9. Logarithmic functions return the value a for x, from the equation x = b ** a (wher ** means "to the power of"). b is a known base, e.g. log2(8), b = 2, a = 3. Log10(100) b = 10, a = 2. Log10(16000) = 4.2.

There is something called "natural" logarithms, which use b = 2.717...

Logarithms are good for multiplication of large numbers, because x * y = b **(log(x) + log(y)) - so in the old days, when a large multiplication needed to be done, a log-table would be used to find the log(x) and log(y), then these numbers added (which is much simpler than multiplying large numbers), and then the log-table looked up in reverse to find the answer.

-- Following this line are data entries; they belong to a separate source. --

(* The difference quotients of [g] along [z - zb] at [zb] are, by convexity on
   the segment, bounded by [g z - g zb]; so is their limit. *)
Lemma linearization_le g P zb z i : differentiable g zb -> cw_convex_on g P ->
  P zb -> P z -> linearization g zb z i 0 <= g z i 0.
Proof.
move=> dg cvx Pzb Pz; rewrite /linearization mul_jac mxE -lerBrDl.
set d := z - zb; rewrite -(deriveE _ dg).
have quot_cvg :
    (fun h : R => h^-1 *: ((g \o shift zb) (h *: d) - g zb)) @ 0^'+ --> 'D_d g zb.
  exact/cvg_dnbhs_at_right/diff_derivable.
have closed_half : closed [set M : 'cV[R]_n | M i 0 <= g z i 0 - g zb i 0].
  apply: (@preimage_closed _ _ (fun M : 'cV[R]_n => M i 0) [set x | x <= _]).
    by move=> M _; exact: coord_continuous.
  exact: closed_le.
apply: (closed_cvg _ closed_half _ _ quot_cvg); near=> h.
have h_gt0 : 0 < h by near: h; exact: nbhs_right_gt.
have h_lt1 : h < 1 by near: h; exact: nbhs_right_lt ltr01.
rewrite /= !mxE.
have -> : h *: d + zb = h *: z + (1 - h) *: zb by apply/matrixP => a b; rewrite !mxE; ring.
have := cvx i z zb h Pz Pzb; rewrite (ltW h_gt0) (ltW h_lt1) => /(_ isT) segment_le.
by rewrite ler_pdivrMl // mulrBr; lra.
Unshelve. all: by end_near.
Qed.

Lemma linearization_affine g zb : affine (linearization g zb).
Proof.
move=> z1 z2 t; rewrite /linearization.
have -> : t *: z1 + (1 - t) *: z2 - zb = t *: (z1 - zb) + (1 - t) *: (z2 - zb).
  by apply/matrixP => a b; rewrite !mxE; ring.
by rewrite mulmxDr -!scalemxAr; apply/matrixP => a b; rewrite !mxE; ring.
Qed.

Lemma affineD h1 h2 : affine h1 -> affine h2 -> affine (h1 \+ h2).
Proof.
move=> a1 a2 z1 z2 t; rewrite /= a1 a2.
by apply/matrixP => a b; rewrite !mxE; ring.
Qed.

Lemma affineN h : affine h -> affine (fun z => - h z).
Proof. by move=> ah z1 z2 t; rewrite ah !scalerN opprD. Qed.

Lemma convex_on_eq P (phi psi : 'cV[R]_N -> R) :
  (forall z, phi z = psi z) -> convex_on P phi -> convex_on P psi.
Proof. by move=> e cvx z1 z2 t; rewrite -!e; exact: cvx. Qed.

Lemma convex_onD_affine P phi h i : convex_on P phi -> affine h ->
  convex_on P (fun z => phi z + h z i 0).
Proof.
move=> cvx ah z1 z2 t P1 P2 t01; rewrite ah !mxE.
have := cvx _ _ _ P1 P2 t01; lra.
Qed.

Lemma affine_minorant_error_bounds P (rho fa fb la lb lr : 'cV[R]_N -> 'cV[R]_n) z i :
  polytope P -> (forall w, P w -> rho w = fa w - fb w) ->
  cw_convex_on fa P -> cw_convex_on fb P -> affine la -> affine lb -> affine lr ->
  la z i 0 <= fa z i 0 -> lb z i 0 <= fb z i 0 -> P z ->
  inf [set (la w - fb w - lr w) i 0 | w in vert P] <= (rho z - lr z) i 0 <=
  sup [set (fa w - lb w - lr w) i 0 | w in vert P].
Proof.
move=> polyP rhoE cva cvb ala alb alr la_le lb_le Pz.
rewrite rhoE //; apply/andP; split.
  apply: le_trans (polytope_inf_vert_le polyP _ Pz) _; last by rewrite !mxE; lra.
  apply: convex_on_eq (convex_onD_affine i (cvb i) (affineD alr (affineN ala))) => w.
  by rewrite !mxE; lra.
apply: le_trans (polytope_le_sup_vert polyP _ Pz); first by rewrite !mxE; lra.
apply: convex_on_eq (convex_onD_affine i (cva i) (affineN (affineD alb alr))) => w.
by rewrite !mxE; lra.
Qed.

End Linearization.

Section ConstrainedZonotopes.
Variable R : realType.

Lemma cz_set1 n (c : 'cV[R]_n) : exists C : CZ R n, czset C = [set c].
Proof.
exists (@MkCZ R n 0 0 0 c 0 0); apply/seteqP; split.
  by move=> _ [xi _ <-] /=; rewrite mul0mx add0r.
move=> _ -> /=; exists 0; last by rewrite mul0mx add0r.
by split=> [[]|]; rewrite ?mulmx0.
Qed.

Lemma cz_lin_img m n (L : 'M[R]_(m, n)) (X : CZ R n) :
  exists C : CZ R m, czset C = lin_img L (czset X).
Proof.
case: X => ng nh G c A b; exists (MkCZ (L *m G) (L *m c) A b).
apply/seteqP; split=> [_ [xi Hxi <-]|_ [_ [xi Hxi <-] <-]] /=.
  by exists (G *m xi + c); [exists xi | rewrite mulmxDr mulmxA].
by exists xi => //; rewrite mulmxDr mulmxA.
Qed.

Lemma unit_box_col_mx a b (x1 : 'cV[R]_a) (x2 : 'cV[R]_b) :
  (forall j, -1 <= col_mx x1 x2 j 0 <= 1) <->
  (forall j, -1 <= x1 j 0 <= 1) /\ (forall j, -1 <= x2 j 0 <= 1).
Proof.
split=> [box|[box1 box2] j].
  by split=> j; [have := box (lshift b j) | have := box (rshift a j)];
    rewrite (col_mxEu, col_mxEd).
by rewrite -(splitK j); case: fintype.split => k; rewrite (col_mxEu, col_mxEd).
Qed.

Lemma cz_mink_sum n (X Y : CZ R n) :
  exists C : CZ R n, czset C = mink_sum (czset X) (czset Y).
Proof.
case: X Y => ng1 nh1 G1 c1 A1 b1 [ng2 nh2 G2 c2 A2 b2].
exists (MkCZ (row_mx G1 G2) (c1 + c2) (block_mx A1 0 0 A2) (col_mx b1 b2)).
apply/seteqP; split=> [_ [xi [box HA] <-] /=|].
  rewrite -(vsubmxK xi) in box HA *.
  move/unit_box_col_mx: box => [box1 box2].
  move: HA; rewrite mul_block_col !mul0mx addr0 add0r => /eq_col_mx [HA1 HA2].
  exists (G1 *m usubmx xi + c1); first by exists (usubmx xi).
  exists (G2 *m dsubmx xi + c2); first by exists (dsubmx xi).
  by rewrite mul_row_col addrACA.
move=> _ [_ [xi1 [box1 HA1] <-] [_ [xi2 [box2 HA2] <-] <-]] /=.
exists (col_mx xi1 xi2); last by rewrite mul_row_col addrACA.
split; first exact/unit_box_col_mx.
by rewrite mul_block_col !mul0mx addr0 add0r HA1 HA2.
Qed.

Definition box_zonotope n (em ep : 'cV[R]_n) :=
  zonotope (diag_mx ((2^-1 *: (ep - em))^T)) (2^-1 *: (em + ep)).

Lemma czset_box_zonotope n (em ep e : 'cV[R]_n) :
  (forall i, em i 0 <= e i 0 <= ep i 0) -> czset (box_zonotope em ep) e.
Proof.
move=> box.
pose xi := \col_j (if ep j 0 - em j 0 == 0 then 0
                   else (2 * e j 0 - em j 0 - ep j 0) / (ep j 0 - em j 0)).
exists xi.
  split=> [j|]; last by rewrite /= mul0mx.
  have /andP[em_le le_ep] := box j; rewrite mxE.
  have [_|d_neq0] := eqVneq; first by rewrite lerN10 ler01.
  have d_gt0 : 0 < ep j 0 - em j 0.
    by rewrite lt_neqAle eq_sym d_neq0 subr_ge0 (le_trans em_le).
  by rewrite ler_pdivlMr // ler_pdivrMr //; apply/andP; split; lra.
apply/matrixP => i k; rewrite (ord1 k) /= mul_diag_mx !mxE.
have /andP[em_le le_ep] := box i.
have [d_eq0|d_neq0] := eqVneq; first by lra.
by field.
Qed.

Lemma mulmx_sub_col_mx3 m a b c (F : 'M[R]_(m, a + (b + c))) x xb (u : 'cV[R]_b) w wb :
  F *m (col_mx x (col_mx u w) - col_mx xb (col_mx u wb)) =
  lsubmx F *m (x - xb) + rsubmx (rsubmx F) *m (w - wb).
Proof.
rewrite !opp_col_mx !add_col_mx subrr -[in LHS](hsubmxK F) -[in LHS](hsubmxK (rsubmx F)).
by rewrite !mul_row_col mulmx0 add0r.
Qed.

End ConstrainedZonotopes.

Unset Implicit Arguments.

Theorem theorem1 (R : realType) (n p q : nat)
  (X : CZ R n) (W : CZ R q) (u : 'cV[R]_p)
  (f : 'cV[R]_n -> 'cV[R]_p -> 'cV[R]_q -> 'cV[R]_n)
  (P : set 'cV[R]_(n + (p + q)))
  (fa fb : 'cV[R]_(n + (p + q)) -> 'cV[R]_n)
  (xbar : 'cV[R]_n) (wbar : 'cV[R]_q) :
  let rho := fun z : 'cV[R]_(n + (p + q)) =>
    f (usubmx z) (usubmx (dsubmx z)) (dsubmx (dsubmx z)) in
  let Z := [set col_mx x (col_mx u w) | x in czset X & w in czset W] in
  let zbar := col_mx xbar (col_mx u wbar) in
  let F := jac rho zbar in
  let Fx : 'M[R]_(n, n) := lsubmx F in
  let Fw : 'M[R]_(n, q) := rsubmx (rsubmx F : 'M[R]_(n, p + q)) in
  let rbar := fun z => rho zbar + F *m (z - zbar) in
  let rbara := fun z => fa zbar + jac fa zbar *m (z - zbar) in
  let rbarb := fun z => fb zbar + jac fb zbar *m (z - zbar) in
  let em : 'cV[R]_n := \col_i inf [set (rbara z - fb z - rbar z) i 0 | z in vert P] in
  let ep : 'cV[R]_n := \col_i sup [set (fa z - rbarb z - rbar z) i 0 | z in vert P] in
  let Rbox := zonotope (diag_mx ((2^-1 *: (ep - em))^T)) (2^-1 *: (em + ep)) in
  let Xpred := mink_sum (mink_sum (mink_sum (set1 (rho zbar - Fx *m xbar - Fw *m wbar))
                                (lin_img Fx (czset X)))
                          (lin_img Fw (czset W)))
                    (czset Rbox) in
  polytope P -> Z `<=` P ->
  (forall z, P z -> rho z = fa z - fb z) ->
  (forall z, P z -> differentiable fa z) ->
  (forall z, P z -> differentiable fb z) ->
  cw_convex_on fa P -> cw_convex_on fb P ->
  P zbar ->
  [set f x u w | x in czset X & w in czset W] `<=` Xpred /\
  exists C : CZ R n, czset C = Xpred.
Proof.
move=> rho Z zbar F Fx Fw rbar rbara rbarb em ep Rbox Xpred
  polyP ZP rhoE dfa dfb cva cvb Pzbar.
set c := rho zbar - Fx *m xbar - Fw *m wbar.
split; last first.
  have [C0 E0] := cz_set1 c.
  have [CX EX] := cz_lin_img Fx X; have [CW EW] := cz_lin_img Fw W.
  have [C1 E1] := cz_mink_sum C0 CX; have [C2 E2] := cz_mink_sum C1 CW.
  have [C E] := cz_mink_sum C2 Rbox.
  by exists C; rewrite E E2 E1 E0 EX EW.
move=> _ [x Xx [w Ww <-]].
pose z := col_mx x (col_mx u w).
have Pz : P z by apply: ZP; exists x => //; exists w.
have rho_z : rho z = f x u w by rewrite /rho /z !(col_mxKu, col_mxKd).
have rbar_z : rbar z = c + Fx *m x + Fw *m w.
  rewrite /rbar mulmx_sub_col_mx3 !mulmxBr /c -/Fx -/Fw.
  move: (rho zbar) (Fx *m x) (Fx *m xbar) (Fw *m w) (Fw *m wbar) => r a b a' b'.
  by apply/matrixP => i j; rewrite !mxE; ring.
have err_box : czset Rbox (rho z - rbar z).
  apply: czset_box_zonotope => i; rewrite [em i 0]mxE [ep i 0]mxE.
  apply: affine_minorant_error_bounds => //; try exact: linearization_affine.
  - exact: linearization_le (dfa _ Pzbar) cva Pzbar Pz.
  - exact: linearization_le (dfb _ Pzbar) cvb Pzbar Pz.
exists (c + Fx *m x + Fw *m w); last first.
  by exists (rho z - rbar z) => //; rewrite -rbar_z -rho_z addrC subrK.
exists (c + Fx *m x); last by exists (Fw *m w) => //; exists w.
by exists c => //; exists (Fx *m x) => //; exists x.
Qed.
Lemma rsummableN f : rsummable (fun x => - f x) = rsummable f.
Proof. by rewrite [RHS]summableN. Qed.

Lemma rsummableZ (c : R) f : rsummable f -> rsummable (fun x => c * f x).
Proof. by apply: (rsummable_dom `|c|) => // x; rewrite normrM. Qed.

Lemma rsummable_norm f : rsummable f -> rsummable (fun x => `|f x|).
Proof. by apply: (rsummable_dom 1) => // x; rewrite mul1r normr_id. Qed.

Lemma rsummable_funrpos f : rsummable f -> rsummable f^\+.
Proof.
apply: (rsummable_dom 1) => // x.
by rewrite mul1r ger0_norm // ge_max ler_norm normr_ge0.
Qed.

Lemma rsummable_funrneg f : rsummable f -> rsummable f^\-.
Proof. by rewrite -rsummableN -funrposN; exact: rsummable_funrpos. Qed.

Lemma ge0_csumD u v : (forall x, 0 <= u x) -> (forall x, 0 <= v x) ->
  rsummable u -> rsummable v -> csum (fun x => u x + v x) = csum u + csum v.
Proof.
move=> u0 v0 su sv; have uv0 x : 0 <= u x + v x by rewrite addr_ge0.
apply: EFin_inj; rewrite [RHS]EFinD -!ge0_esum_csum //; last exact: rsummableD.
rewrite /esumR; under eq_esum do rewrite EFinD.
by apply: esumD => x _; rewrite lee_fin.
Qed.

Lemma ge0_csumB u v : (forall x, 0 <= u x) -> (forall x, 0 <= v x) ->
  rsummable u -> rsummable v -> csum (fun x => u x - v x) = csum u - csum v.
Proof.
move=> u0 v0 su sv; set f := fun x => u x - v x.
have sf : rsummable f by apply: rsummableD; rewrite ?rsummableN.
have u0' x : (0 <= (u x)%:E)%E by rewrite lee_fin.
have v0' x : (0 <= (v x)%:E)%E by rewrite lee_fin.
have posE : ((EFin \o u) \- (EFin \o v))^\+%E = EFin \o f^\+.
  by apply/funext => x; rewrite funeposE /= -EFinB EFin_max.
have negE : ((EFin \o u) \- (EFin \o v))^\-%E = EFin \o f^\-.
  by apply/funext => x; rewrite funenegE /= EFin_max.
have e : (esumR (funrpos f) - esumR (funrneg f) = esumR u - esumR v)%E.
  by move: (esumB su sv (fun x _ => u0' x) (fun x _ => v0' x)); rewrite posE negE.
move: e; rewrite !ge0_esum_csum //; last 2 first.
- exact: rsummable_funrneg.
- exact: rsummable_funrpos.
by rewrite -!EFinB => -[<-]; rewrite csum_funrposBneg.
Qed.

Nowadays, we can mostly just get on with multiplying numbers directly, thanks to calculators and computers.

--
Mats

10. Thank you CodeMonkey and matsp for the log review. The coding makes sense now, but

Code:
`unsigned arr[] = { 193887893, 123, 3892, 7, 382798, 1111 };`
What is that part for?

11. Originally Posted by dnguyen1022
Thank you CodeMonkey and matsp for the log review. The coding makes sense now, but

Code:
`unsigned arr[] = { 193887893, 123, 3892, 7, 382798, 1111 };`
What is that part for?
That's just a set of numbers to show how the "number of digits" work.

--
Mats

12. Would this set of numbers be for the compiler's reference or simply for me(us) to see?

13. Originally Posted by dnguyen1022
Would this set of numbers be for the compiler's reference or simply for me(us) to see?
Just for us to see how it works - e.g. 193887893 will print out <fx counting.../> 9 digits.

Whenever you show how something works, or want to perform some sort of calculation, you need some "sample data", something that represents your data for the purpose of testing. In this case, some varying length numbers to show that the output is correct for those values.

--
Mats

14. ohhh got it. Thanks.